Repository files navigation

OPTIMA

The goal of the OPTIMA project is to take advantage of FPGA-based High Performance Computing (HPC) systems to optimize academic and industrial softwares and applications. It also aims at providing guidelines to ease future development of FPGA applications.

In the context of Cyberbotics, the goal is to show that running a Webots robot simulation which uses deep learning in its controllers on FPGA-based systems is much faster than on CPU or GPU. This repository summarizes the work performed on the Jumax machine to adapt a deep-learning robot simulation for FPGA.

Cloning this repository

When cloning this repository, don't forget to initialize the submodules.

git clone https://github.com/cyberbotics/optima.git
git submodule update --init --recursive

Webots on Jumax

To install Webots on Jumax, please refer to the 2 following pages: get access to Jumax and compile Webots on Jumax.

This page explains how to start the simulator: start Webots.

Creating and Running FPGA Programs

To understand how DFEs (running the FPGAs) on Jumax work, please head to the following page: basics of DFE applications.

To code your own applications on Jumax, these 2 pages explain the required workflow: start MaxIDE and compile with MaxCompiler

Multilayers Perceptrons (MLP) framework

The first contribution consists in creating a framework which allows to create simple neural networks: multilayers perceptrons. The details of its implementation in C++ is given here: Creation of a Deep Learning Frameowrk in C++.

The source code of the implementation is located in the MLP-train-framework directory. You can compile it using the following command

cd MLP-train-framework
mkdir build
g++ -O3 -Imnist src/MLP-train-framework.cpp -o build/MLP-train-framework

Then you can run the framework using ./build/MLP-train-framework. You can choose any structure you want and it will train your network on the MNIST dataset.

Forward propagation performance

The MLP-forward directory contains the files for the comparison of the execution time of forward propagation between CPU and FPGA.

Implementations are explained here: MLP Forward Propagation on CPU: Tests and Results & MLP Forward Propagation on DFE: Structure. Final results can be found here: MLP Forward Propagation on DFE: Results and Optimization.

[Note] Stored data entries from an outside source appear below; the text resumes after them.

(* Let $\mathbf{L}$ be a Euclidean modal logic. Then $\mathtt{Fr}(\mathbf{L})$ is stable.
   Context: A frame is a pair $(W,R)$ with $W$ non-empty and $R\subseteq W\times W$. Modal formulas (propositional variables, $\bot,\neg,\vee,\Box$) have standard Kripke semantics; validity in a frame means truth at all points under all valuations. A (normal) modal logic contains all tautologies and K axioms and is closed under uniform substitution, modus ponens and necessitation; a Euclidean modal logic is one not containing $\bot$ and containing $\Diamond\psi\to\Box\Diamond\psi$ for all $\psi$. $\mathtt{Fr}(\mathbf{L})$ is the class of frames validating $\mathbf{L}$. First-order formulas use one binary relation symbol $\mathbf{R}$ and equality. For frames, $(W',R')\preceq(W,R)$ means every modal formula valid in $(W',R')$ is valid in $(W,R)$. Given a first-order formula $A(\mathbf{x}_1,\dots,\mathbf{x}_m,\mathbf{y})$ and $s_1,\dots,s_m\in W$ such that $T=\{t\in W:(W,R)\models A[s_1,\dots,s_m,t]\}$ is non-empty, the relativized reduct of $(W,R)$ with respect to $A$ and $s_1,\dots,s_m$ is the restriction $(T,R\cap(T\times T))$. A class $\mathcal{C}$ of frames is stable if there exist a first-order formula $A(\mathbf{x}_1,\dots,\mathbf{x}_m,\mathbf{y})$ and a sentence $B$ such that: (1) for every frame $(W',R')\in\mathcal{C}$ and all $s'_1,\dots,s'_m\in W'$, the relativized reduct of $(W',R')$ with respect to $A$ and $s'_1,\dots,s'_m$ (when it exists) is in $\mathcal{C}$; (2) for every frame $(W_0,R_0)\in\mathcal{C}$ there exist frames $(W',R'),(W'',R'')\in\mathcal{C}$ and $s'_1,\dots,s'_m\in W'$ such that $(W_0,R_0)$ is the relativized reduct of $(W',R')$ with respect to $A$ and $s'_1,\dots,s'_m$, $(W',R')\models B$, $(W'',R'')\not\models B$, and $(W',R')\preceq(W'',R'')$. *)

From Stdlib Require Import Arith.

Record frame : Type := Frame {
  world : Type;
  rel : world -> world -> Prop;
  world_inh : inhabited world }.

Definition frame_class := frame -> Prop.

Inductive mform : Type :=
| MVar : nat -> mform
| MBot : mform
| MNeg : mform -> mform
| MOr  : mform -> mform -> mform
| MBox : mform -> mform.

Definition MImp (a b : mform) : mform := MOr (MNeg a) b.
Definition MDia (a : mform) : mform := MNeg (MBox (MNeg a)).

Fixpoint forces (F : frame) (V : nat -> world F -> Prop) (w : world F)
  (phi : mform) : Prop :=
  match phi with
  | MVar n => V n w
  | MBot => False
  | MNeg a => ~ forces F V w a
  | MOr a b => forces F V w a \/ forces F V w b
  | MBox a => forall v, rel F w v -> forces F V v a
  end.

Definition mvalid (F : frame) (phi : mform) : Prop :=
  forall (V : nat -> world F -> Prop) (w : world F), forces F V w phi.

Fixpoint msubst (s : nat -> mform) (phi : mform) : mform :=
  match phi with
  | MVar n => s n
  | MBot => MBot
  | MNeg a => MNeg (msubst s a)
  | MOr a b => MOr (msubst s a) (msubst s b)
  | MBox a => MBox (msubst s a)
  end.

(** tautologies: true under every Boolean assignment to the propositional
    atoms, where variables and boxed formulas count as atoms
    (= substitution instances of propositional tautologies) *)
Fixpoint peval (v : mform -> bool) (phi : mform) : bool :=
  match phi with
  | MVar n => v (MVar n)
  | MBot => false
  | MNeg a => negb (peval v a)
  | MOr a b => orb (peval v a) (peval v b)
  | MBox a => v (MBox a)
  end.

Definition tautology (phi : mform) : Prop := forall v, peval v phi = true.

Definition normal_modal_logic (L : mform -> Prop) : Prop :=
  (forall phi, tautology phi -> L phi) /\
  L (MImp (MBox (MImp (MVar 0) (MVar 1)))
          (MImp (MBox (MVar 0)) (MBox (MVar 1)))) /\
  (forall s phi, L phi -> L (msubst s phi)) /\
  (forall phi psi, L (MImp phi psi) -> L phi -> L psi) /\
  (forall phi, L phi -> L (MBox phi)).

Definition euclidean_logic (L : mform -> Prop) : Prop :=
  normal_modal_logic L /\ ~ L MBot /\
  (forall psi, L (MImp (MDia psi) (MBox (MDia psi)))).

Definition Fr (L : mform -> Prop) : frame_class :=
  fun F => forall phi, L phi -> mvalid F phi.

Definition frame_preceq (F1 F2 : frame) : Prop :=
  forall phi, mvalid F1 phi -> mvalid F2 phi.

Inductive fform : Type :=
| FRel : nat -> nat -> fform
| FEq  : nat -> nat -> fform
| FBot : fform
| FNeg : fform -> fform
| FOr  : fform -> fform -> fform
| FEx  : nat -> fform -> fform.

Definition env_upd {W : Type} (e : nat -> W) (x : nat) (d : W) : nat -> W :=
  fun y => if Nat.eqb y x then d else e y.

Fixpoint fsat (F : frame) (e : nat -> world F) (A : fform) : Prop :=
  match A with
  | FRel x y => rel F (e x) (e y)
  | FEq x y => e x = e y
  | FBot => False
  | FNeg a => ~ fsat F e a
  | FOr a b => fsat F e a \/ fsat F e b
  | FEx x a => exists d, fsat F (env_upd e x d) a
  end.

Fixpoint free_in (z : nat) (A : fform) : Prop :=
  match A with
  | FRel x y => z = x \/ z = y
  | FEq x y => z = x \/ z = y
  | FBot => False
  | FNeg a => free_in z a
  | FOr a b => free_in z a \/ free_in z b
  | FEx x a => z <> x /\ free_in z a
  end.

(** A(x_1,...,x_m,y): variables 0..m-1 play the role of x_1..x_m and
    variable m plays the role of y. *)
Definition fv_among (m : nat) (A : fform) : Prop :=
  forall z, free_in z A -> z <= m.

Definition sentence (B : fform) : Prop := forall z, ~ free_in z B.

Definition fmodels (F : frame) (B : fform) : Prop :=
  forall e : nat -> world F, fsat F e B.

Definition par_env {W : Type} (m : nat) (s : nat -> W) (t : W) : nat -> W :=
  fun i => if Nat.ltb i m then s i else t.

Definition reduct_dom (F : frame) (A : fform) (m : nat) (s : nat -> world F)
  (t : world F) : Prop := fsat F (par_env m s t) A.

Definition reduct_frame (F : frame) (A : fform) (m : nat) (s : nat -> world F)
  (h : exists t, reduct_dom F A m s t) : frame :=
  {| world := { t : world F | reduct_dom F A m s t };
     rel := fun a b => rel F (proj1_sig a) (proj1_sig b);
     world_inh := match h with ex_intro _ t ht => inhabits (exist _ t ht) end |}.

Definition is_reduct_of (F0 F : frame) (A : fform) (m : nat)
  (s : nat -> world F) : Prop :=
  exists f : world F0 -> world F,
    (forall a b, f a = f b -> a = b) /\
    (forall t, reduct_dom F A m s t <-> exists a, f a = t) /\
    (forall a b, rel F0 a b <-> rel F (f a) (f b)).

Definition stable (C : frame_class) : Prop :=
  exists (m : nat) (A : fform) (B : fform),
    fv_among m A /\ sentence B /\
    (forall F', C F' -> forall (s : nat -> world F')
       (h : exists t, reduct_dom F' A m s t), C (reduct_frame F' A m s h)) /\
    (forall F0, C F0 ->
       exists F' F'' (s : nat -> world F'),
         C F' /\ C F'' /\ is_reduct_of F0 F' A m s /\
         fmodels F' B /\ ~ fmodels F'' B /\ frame_preceq F' F'').
Lemma sum3E (V : nmodType) R C N (F : 'I_R -> 'I_C -> 'I_N -> V) :
  \sum_(r < R) \sum_(c < C) \sum_(j < N) F r c j =
  \sum_(p : 'I_R * 'I_C * 'I_N) F p.1.1 p.1.2 p.2.
Proof. by rewrite !pair_big. Qed.

Lemma mean3E (K : fieldType) (V : lmodType K) R C N
    (F : 'I_R -> 'I_C -> 'I_N -> V) :
  (R%:R)^-1 *: \sum_(r < R) ((C%:R)^-1 *: \sum_(c < C)
     ((N%:R)^-1 *: \sum_(j < N) F r c j))
  = ((R * C * N)%:R)^-1 *: \sum_(r < R) \sum_(c < C) \sum_(j < N) F r c j.
Proof.
under eq_bigr do rewrite -scaler_sumr scalerA.
by rewrite -scaler_sumr scalerA !natrM !invfM mulrA.
Qed.

Section FederatedAverages.
Variables (K : realType) (d M N C R : nat).
Variable fs : 'I_M -> 'I_N -> 'rV[K]_d -> K.

Lemma fglob_differentiable x : (forall m j z, differentiable (fs m j) z) ->
  differentiable (fglob fs) x.
Proof.
move=> dfs.
have -> : fglob fs =
    cst (M%:R^-1) * \sum_(m < M) (cst (N%:R^-1) * \sum_(j < N) fs m j).
  apply/funext => z; rewrite /fglob /fclient /= fct_sumE; congr (_ * _).
  by apply: eq_bigr => m _ /=; rewrite fct_sumE.
apply: differentiableM => //; apply: differentiable_sum => m.
by apply: differentiableM => //; apply: differentiable_sum.
Qed.

Lemma fglob_cohortsE (g : 'I_R -> 'I_C -> 'I_M) (pi : 'I_M -> {perm 'I_N}) z :
  M = (C * R)%N -> injective (fun p : 'I_R * 'I_C => g p.1 p.2) ->
  fglob fs z = ((R * C * N)%:R)^-1 *
    \sum_(r < R) \sum_(c < C) \sum_(j < N) fs (g r c) (pi (g r c) j) z.
Proof.
move=> MCR ginj.
rewrite (sum_cohorts (fun m => \sum_(j < N) fs m (pi m j) z) MCR ginj).
rewrite /fglob /fclient; under eq_bigr => m _ do rewrite (reindex_perm (pi m)).
rewrite -mulr_sumr mulrA -invfM; congr (_^-1 * _).
by rewrite MCR -natrM (mulnC C R).
Qed.
(* Let $A^{(n)}_k$ be Knuth's Faulhaber coefficients, defined by $$\sum_{n\ge1}\sum_{k=0}^{n-1}\frac{x^{2n}}{(2n)!}A^{(n)}_k y^{k}=\left(\frac{x\sqrt y}{2}\right)\frac{\cosh\!\left(\tfrac12 x\sqrt{y+4}\right)-\cosh\!\left(\tfrac12 x\sqrt y\right)}{\sinh\!\left(\tfrac12 x\sqrt y\right)},$$ and for $n\ge k\ge2$ let $b(n,k)=(-1)^{n-k}A^{(n)}_{n-k}\frac{(k!)^2}{(2k+1)!}$. Then for all $n>2$ and $2\le k\le n-1$, $$b(n,k)>2\,b(n,k+1)\quad\text{and}\quad b(n,k)>\sum_{l=k+1}^{n}b(n,l),$$ and $b(n,k)>0$ for all $n\ge k\ge2$. *)

From mathcomp Require Import all_boot all_order all_algebra.
Set Implicit Arguments. Unset Strict Implicit. Unset Printing Implicit Defensive.
Import Order.TTheory GRing.Theory Num.Theory.
Local Open Scope ring_scope.

(* With u = x sqrt y / 2 and v = x sqrt(y+4) / 2 we have u^2 = x^2 y/4,
   v^2 = x^2 (y+4)/4, so
     cosh v - cosh u = sum_j x^(2j) ((y+4)^j - y^j) / (4^j (2j)!),
     u / sinh u      = sum_i c_i x^(2i) y^i / 4^i,
   where (c_i) is the reciprocal of the power series
     sinh(u)/u = sum_j u^(2j)/(2j+1)!  (in the variable u^2). *)

(* first m+1 coefficients of the reciprocal of sum_j t^j/(2j+1)! *)
Fixpoint sinhc_inv_seq (m : nat) : seq rat :=
  match m with
  | 0 => [:: 1]
  | m'.+1 =>
      let s := sinhc_inv_seq m' in
      rcons s (- \sum_(i < m'.+1) s`_i / ((2 * (m'.+1 - i)).+1)`!%:R)
  end.

Definition sinhc_inv (m : nat) : rat := (sinhc_inv_seq m)`_m.

(* coefficient of x^(2n) in the generating function, as a polynomial in y *)
Definition faulhaber_gf_coef (n : nat) : {poly rat} :=
  \sum_(i < n.+1)
     ((sinhc_inv i / 4%:R ^+ i) *: 'X^i) *
     ((('X + 4%:R%:P) ^+ (n - i) - 'X ^+ (n - i))
        * ((4%:R ^+ (n - i) * (2 * (n - i))`!%:R)^-1)%:P).

Definition faulhaberA (n k : nat) : rat := (2 * n)`!%:R * (faulhaber_gf_coef n)`_k.

Definition bnk (n k : nat) : rat :=
  (-1) ^+ (n - k) * faulhaberA n (n - k) * (k`! ^ 2)%:R / ((2 * k).+1)`!%:R.

From mathcomp Require Import all_boot all_order all_algebra.
From mathcomp Require Import ring lra zify.
Set Implicit Arguments. Unset Strict Implicit. Unset Printing Implicit Defensive.
Import Order.TTheory GRing.Theory Num.Theory.
Local Open Scope ring_scope.

(* Expanding the generating function gives b(n,k) = w(n,k) beta(n,k), with an
   explicit weight w(n,k) > 0 and beta(n,k) = (-1)^(n-k) sum_i c_i C(n-i,k)/(2(n-i))!,
   where (c_i) are the coefficients of u / sinh u.  Pascal-type binomial identities
   give the recursion
     (4k+2)(k+1) beta(n+1,k+1) = beta(n,k) + 4(k+1)(k+2) beta(n+1,k+2),
   with boundary values beta(n,n) = 1/(2n)!, beta(n,n+1) = 0, and beta(n,1) = 0
   because (c_i) is the reciprocal of sinh u / u.  Induction on n, and downwards
   on k, shows beta(n,k) > 0 and 4(k+1) beta(n,k+1) < (2k+3) beta(n,k) for
   2 <= k <= n.  Since w(n,k+1)/w(n,k) = (2k+2)/(2k+3), this says b(n,k) > 2 b(n,k+1),
   and the tail bound is then a geometric series estimate. *)

Lemma size_sinhc_inv_seq m : size (sinhc_inv_seq m) = m.+1.
Proof. by elim: m => [|m IHm] //=; rewrite size_rcons IHm. Qed.

Lemma nth_sinhc_inv_seq m i : (i <= m)%N -> (sinhc_inv_seq m)`_i = sinhc_inv i.
Proof.
move=> /subnKC <-; elim: (m - i)%N => [|d IHd]; first by rewrite addn0.
by rewrite addnS /= nth_rcons size_sinhc_inv_seq ltnS leq_addr.
Qed.

Lemma sinhc_inv0 : sinhc_inv 0 = 1. Proof. by []. Qed.

Lemma sinhc_inv_conv m :
  \sum_(i < m.+2) sinhc_inv i / (2 * (m.+1 - i)).+1`!%:R = 0.
Proof.
rewrite big_ord_recr /= subnn divr1 {2}/sinhc_inv /=.
rewrite nth_rcons size_sinhc_inv_seq ltnn eqxx.
by apply/eqP; rewrite subr_eq0; apply/eqP/eq_bigr => i _; rewrite nth_sinhc_inv_seq // -ltnS.
Qed.

Lemma natf_fact_neq0 (R : numDomainType) n : n`!%:R != 0 :> R.
Proof. by rewrite pnatr_eq0 -lt0n fact_gt0. Qed.

Definition fsum n k : rat :=
  \sum_(i < n.+1) sinhc_inv i * 'C(n - i, k)%:R / (2 * (n - i))`!%:R.

Lemma fsum_small n k : (n < k)%N -> fsum n k = 0.
Proof.
move=> ltnk; rewrite /fsum big1 // => i _.
by rewrite bin_small ?mulr0 ?mul0r // (leq_ltn_trans (leq_subr _ _)).
Qed.

Lemma fsum_diag n : fsum n n = (2 * n)`!%:R^-1.
Proof.
rewrite /fsum big_ord_recl subn0 binn sinhc_inv0 mul1r div1r big1 ?addr0 // => i _.
by rewrite bin_small ?mulr0 ?mul0r // lift0 ltn_subrL /= (leq_ltn_trans _ (ltn_ord i)).
Qed.

Lemma fsum1 n : (1 < n)%N -> fsum n 1 = 0.
Proof.
case: n => [|[|m]] // _.
have halve t : t.+1%:R / (2 * t.+1)`!%:R = (2 * t).+1`!%:R^-1 / 2 :> rat.
  rewrite [(2 * t.+1)%N]mulnS [(2 + _)`!]factS natrM; field.
  by rewrite natf_fact_neq0 -natrM -natrD pnatr_eq0.
rewrite /fsum big_ord_recr /= subnn bin0n mulr0 mul0r addr0.
under eq_bigr => i _ do rewrite (@subSn i m.+1 (ltn_ord i)) bin1 -mulrA halve mulrA.
by rewrite -mulr_suml sinhc_inv_conv mul0r.
Qed.

Lemma bin_fsum_rec N k :
  (4 * k.+1 * k.+2 * 'C(N.+1, k.+2) + (4 * k + 2) * k.+1 * 'C(N.+1, k.+1)
   = (2 * N).+2 * (2 * N).+1 * 'C(N, k))%N.
Proof.
rewrite -!mulnA -!mul_bin_diag /= [(k.+1 * _)%N]mulnCA mul_bin_left.
have [leqkN | ltNk] := leqP k N; last by rewrite bin_small // !muln0.
by move: (N - k)%N (subnKC leqkN) => d <-; ring.
Qed.

Lemma fsum_rec n k :
  fsum n k = (4 * k.+1 * k.+2)%:R * fsum n.+1 k.+2 + ((4 * k + 2) * k.+1)%:R * fsum n.+1 k.+1.
Proof.
rewrite /fsum !(big_ord_recr n.+1) /= subnn !bin0n !mulr0 !mul0r !addr0.
rewrite !mulr_sumr -big_split; apply: eq_bigr => i _ /=.
rewrite (@subSn i n (ltn_ord i)); set N := (n - i)%N; set c := sinhc_inv i.
have factSS : (2 * N.+1)`! = ((2 * N).+2 * (2 * N).+1 * (2 * N)`!)%N.
  by rewrite mulnS !factS mulnA.
rewrite factSS !mulrA -mulrDl !(mulrAC _ c) -mulrDl -!natrM -natrD bin_fsum_rec !natrM; field.
by rewrite natf_fact_neq0 -!natrM nat1r -natrD !pnatr_eq0 addn_eq0.
Qed.

Lemma coef_XaddC_expr (R : comNzRingType) (a : R) j t :
  (('X + a%:P) ^+ j)`_t = a ^+ (j - t) * 'C(j, t)%:R.
Proof.
elim: j t => [|j IHj] [|t]; rewrite ?expr0 ?coef1 ?bin0 ?bin0n ?subn0 ?mulr1 ?mul1r //.
  by rewrite exprSr mulrDr coefD coefMX coefMC IHj add0r bin0 subn0 mulr1 exprSr.
rewrite exprSr mulrDr coefD coefMX coefMC !IHj binS natrD mulrDr addrC.
congr (_ + _); have [ltt | lejt] := ltnP t j; first by rewrite subSS mulrAC -exprSr subnSK.
by rewrite !bin_small ?mulr0 ?mul0r // ltnS.
Qed.

Lemma faulhaber_gf_coefE n k : (0 < k <= n)%N ->
  (faulhaber_gf_coef n)`_(n - k) = 4%:R ^+ k / 4%:R ^+ n * fsum n k.
Proof.
move=> /andP[k_gt0 lekn].
rewrite /faulhaber_gf_coef coef_sum /fsum mulr_sumr; apply: eq_bigr => i _.
have lein := ltn_ord i; rewrite ltnS in lein.
rewrite -scalerAl coefZ coefXnM; case: ltnP => hik.
  by rewrite bin_small ?(mulr0, mul0r) //; lia.
rewrite coefMC coefB coefXn coef_XaddC_expr.
have -> : (n - k - i == n - i)%N = false by apply/negbTE; lia.
have -> : (n - k - i = n - i - k)%N by lia.
have leki : (k <= n - i)%N by lia.
rewrite subr0 subKn // bin_sub //.
have -> : 4%:R ^+ n = 4%:R ^+ i * 4%:R ^+ (n - i) :> rat by rewrite -exprD subnKC.
field; by rewrite natf_fact_neq0 !expf_neq0 // pnatr_eq0.
Qed.

Definition bnk_weight n k : rat :=
  (2 * n)`!%:R * (4%:R ^+ k / 4%:R ^+ n) * (k`! ^ 2)%:R / (2 * k).+1`!%:R.

Definition beta n k : rat := (-1) ^+ (n - k) * fsum n k.

Lemma bnkE n k : (0 < k <= n)%N -> bnk n k = bnk_weight n k * beta n k.
Proof.
by move=> kn; rewrite /bnk /faulhaberA faulhaber_gf_coefE // /bnk_weight /beta; ring.
Qed.

Lemma bnk_weight_gt0 n k : 0 < bnk_weight n k.
Proof. by rewrite !(divr_gt0, mulr_gt0) ?exprn_gt0 ?ltr0n ?expn_gt0 ?fact_gt0. Qed.

Lemma bnk_weightS n k :
  bnk_weight n k.+1 = bnk_weight n k * (2 * k%:R + 2) / (2 * k%:R + 3).
Proof.
rewrite /bnk_weight [(2 * k.+1)%N]mulnS !factS exprS !natrM; field.
have k_ge0 : 0 <= k%:R :> rat := ler0n _ k.
by rewrite natf_fact_neq0 expf_neq0 ?pnatr_eq0 // !lt0r_neq0 //; lra.
Qed.

Lemma beta_diag n : beta n n = (2 * n)`!%:R^-1.
Proof. by rewrite /beta subnn expr0 mul1r fsum_diag. Qed.

Lemma beta_small n : beta n n.+1 = 0.
Proof. by rewrite /beta fsum_small ?mulr0. Qed.

Lemma beta1 n : (1 < n)%N -> beta n 1 = 0.
Proof. by move=> lt1n; rewrite /beta fsum1 ?mulr0. Qed.

Lemma beta_rec n k : (k <= n)%N ->
  (4 * k%:R + 2) * (k%:R + 1) * beta n.+1 k.+1
  = beta n k + 4 * (k%:R + 1) * (k%:R + 2) * beta n.+1 k.+2.
Proof.
rewrite leq_eqVlt /beta subSS (fsum_rec n k) => /predU1P[-> | ltkn].
  by rewrite [fsum n.+1 n.+2]fsum_small // subnn; ring.
by rewrite subSS -(subnSK ltkn) exprS; ring.
Qed.

Definition beta_ratio_bound N j : Prop :=
  0 < beta N j /\ 4 * j.+1%:R * beta N j.+1 < (2 * j%:R + 3) * beta N j.

(* [x, y, z] stand for [beta (N+1) (K+1..K+3)] and [p, q] for [beta N (K..K+1)]. *)
Lemma ratio_bound_step (R : realDomainType) (K x y z p q : R) : 2 <= K ->
  0 < p -> 4 * (K + 1) * q < (2 * K + 3) * p ->
  0 < y -> 4 * (K + 3) * z < (2 * K + 7) * y ->
  (4 * K + 2) * (K + 1) * x = p + 4 * (K + 1) * (K + 2) * y ->
  (4 * K + 6) * (K + 2) * y = q + 4 * (K + 2) * (K + 3) * z ->
  0 < x /\ 4 * (K + 2) * y < (2 * K + 5) * x.
Proof.
move=> K2 p_gt0 pq y_gt0 yz Ex Ey.
have c_gt0 : 0 < (4 * K + 2) * (K + 1) by rewrite mulr_gt0 //; lra.
have ABy_gt0 : 0 < (K + 1) * (K + 2) * y by rewrite !mulr_gt0 //; lra.
have q_lb : (K + 2) * (2 * K - 1) * y < q by nra.
have p_lb : 4 * (K + 1) * (K + 2) * (2 * K - 3) * y < (2 * K + 5) * p.
  suff : 4 * (K + 1) * ((K + 2) * (2 * K - 1) * y) < 4 * (K + 1) * q by lra.
  by rewrite ltr_pM2l //; lra.
split; first by rewrite -(pmulr_rgt0 _ c_gt0) Ex; lra.
by rewrite -(ltr_pM2l c_gt0) [X in _ < X]mulrCA Ex; lra.
Qed.

Lemma beta_ratio_bound_diag N : beta_ratio_bound N N.
Proof.
have beta_gt0 : 0 < beta N N by rewrite beta_diag invr_gt0 ltr0n fact_gt0.
have N_ge0 : 0 <= N%:R :> rat := ler0n _ N.
by split; rewrite // beta_small mulr0 mulr_gt0 //; lra.
Qed.

Lemma beta_ratio_bound_succ N :
  (forall j, (2 <= j)%N -> (j <= N)%N -> beta_ratio_bound N j) ->
  forall j, (2 <= j)%N -> (j <= N.+1)%N -> beta_ratio_bound N.+1 j.
Proof.
move=> IHN; suff bound_at d j : (2 <= j)%N -> (j + d = N.+1)%N -> beta_ratio_bound N.+1 j.
  by move=> j le2j lejN; apply: (bound_at (N.+1 - j)%N); rewrite ?subnKC.
elim: d j => [|d IHd] j le2j; first by rewrite addn0 => ->; exact: beta_ratio_bound_diag.
case: j le2j => [|k] // le1k; rewrite -addSnnS => def_N.
have [y_gt0 yz] := IHd k.+2 isT def_N.
have ltkN : (k < N)%N by lia.
have Ex := beta_rec (ltnW ltkN); have Ey := beta_rec ltkN.
have [ltk2 | le2k] := ltnP k 2.
  have k1 : k = 1%N by apply/eqP; rewrite eqn_leq -ltnS ltk2.
  subst k; move: Ex; rewrite beta1 // => Ex.
  by split; lra.
have [p_gt0 pq] := IHN k le2k (ltnW ltkN).
have [x_gt0 xy] : 0 < beta N.+1 k.+1 /\
    4 * (k%:R + 2) * beta N.+1 k.+2 < (2 * k%:R + 5) * beta N.+1 k.+1.
  by apply: (ratio_bound_step (z := beta N.+1 k.+3) (q := beta N k.+1) _ p_gt0 _ y_gt0 _ Ex);
    rewrite ?ler_nat //; lra.
by split=> //; lra.
Qed.

Lemma beta_ratio_bound_holds N j : (2 <= j)%N -> (j <= N)%N -> beta_ratio_bound N j.
Proof.
elim: N j => [|N IHN] j; first by move=> le2j /(leq_trans le2j).
exact: beta_ratio_bound_succ.
Qed.

Lemma bnk_gt0 n k : (2 <= k <= n)%N -> 0 < bnk n k.
Proof.
move=> /andP[le2k lekn].
rewrite bnkE ?(ltnW le2k) // mulr_gt0 ?bnk_weight_gt0 //.
exact: (beta_ratio_bound_holds le2k lekn).1.
Qed.

Lemma bnk_halves n k : (2 <= k < n)%N -> 2 * bnk n k.+1 < bnk n k.
Proof.
move=> /andP[le2k ltkn]; have lekn := ltnW ltkn.
have [_ ratio] := beta_ratio_bound_holds le2k lekn.
have k_ge0 : 0 <= k%:R :> rat := ler0n _ k.
rewrite !bnkE ?(ltnW le2k) ?lekn ?ltkn // bnk_weightS.
rewrite [ltLHS](_ : _ = bnk_weight n k * (2 * ((2 * k%:R + 2) * beta n k.+1) / (2 * k%:R + 3))).
  by rewrite ltr_pM2l ?bnk_weight_gt0 // ltr_pdivrMr; lra.
by ring.
Qed.

Lemma sum_halving_lt (R : realDomainType) (f : nat -> R) k n : (k < n)%N ->
  (forall l, (k <= l)%N -> (l < n)%N -> 2 * f l.+1 < f l) ->
  \sum_(k.+1 <= l < n.+1) f l + f n < f k.
Proof.
elim: n => [// | n IHn]; rewrite ltnS => lekn halves.
rewrite big_nat_recr //=.
have halves_n := halves n lekn (ltnSn n).
move: lekn; rewrite leq_eqVlt => /predU1P[-> | ltkn].
  by rewrite big_geq // add0r; lra.
suff : \sum_(k.+1 <= l < n.+1) f l + f n < f k by lra.
by apply: IHn => // l lekl ltln; apply: halves; rewrite // ltnW.
Qed.

Theorem mainTheorem7 :
  (forall n k : nat, (2 < n)%N -> (2 <= k <= n.-1)%N ->
     2%:R * bnk n k.+1 < bnk n k /\
     \sum_(k.+1 <= l < n.+1) bnk n l < bnk n k) /\
  (forall n k : nat, (2 <= k <= n)%N -> 0 < bnk n k).
Proof.
split=> [n k lt2n /andP[le2k lekn1] | ]; last exact: bnk_gt0.
have ltkn : (k < n)%N by lia.
have halves l : (k <= l)%N -> (l < n)%N -> 2 * bnk n l.+1 < bnk n l.
  by move=> lekl ltln; rewrite bnk_halves // ltln (leq_trans le2k lekl).
split; first exact: halves.
have := sum_halving_lt ltkn halves.
have : 0 < bnk n n by rewrite bnk_gt0 // leqnn (leq_trans le2k (ltnW ltkn)).
lra.
Qed.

Respective source codes are located in MLP-forward/CPU and MLP-forward/DFE. Informations on how to run the DFE projects can be found in Run DFE Applications with MaxIDE. The CPU codes can be compiled with the following commands.

cd MLP-forward/CPU
mkdir build
g++ -O3 -fopenmp -Imnist src/fixed-forward-test-CPU.cpp -o build/fixed_forward_test-CPU

Note that the source codes are optimized for the Jumax machine, in particular concerning the multi-threading optimization.

Autonomous car simulation

The CNN-autonomous-car directory contains the Webots project of the self-driving car using a convolutional neural network. Its description can be found here.

The scripts to compute the trajectory planning and the training of the CNN are located in CNN-autonomous-car/scripts. The trained model parameters are contained in offsetModel.pt.

The training and testing worlds are both located in CNN-autonomous-car/worlds.

The different controller source codes are located in CNN-autonomous-car/controllers. The available controllers are the following.

  • training_track_driving: this controller is used to follow the train track using the trajectory planning data.
  • CNN_autonomous_car_cpu_float: this controller contains the naive version of the neural network with floating point represention to drive the car.
  • CNN_autonomous_car_cpu_fixed: this controller is the optimized CPU version of the neural network with fixed point representation and multithreading to drive the car.
  • CNN_autonomous_car_fpga: this controller uses the cnn_dfe library to run the neural network on a DFE. This controller has 3 different loop optimization modes. The mode must be passed through the controllerArgs field in CNN-autonomous-car/worlds/autonomous_car_test.wbt.
  • CNN_autonomous_car_fpga_optimized: this controller uses the cnn_dfe library to run the neural network on a DFE. This controller implements only one step loop of CNN_autonomous_car_fpga. It is the final, most optimized FPGA version of the controller, described in the Deliverable 2 results.

The DFE optimization of the neural network is compiled in a shared library: CNN-autonomous-car/libraries/cnn_dfe. The corresponding DFE kernels and manager are in: CNN-autonomous-car/libraries/cnn_dfe/src.

You can select the controller to drive the car by editing the controller field in CNN-autonomous-car/worlds/autonomous_car_test.wbt and then run Webots on Jumax.

A GPU is now available on jumaxbuild1. It is recommended to run Webots on jumaxbuild1 and the controller as extern on jumax-cpu. Detailed instructions can be found on the following page: How to run the most optimized car simulation.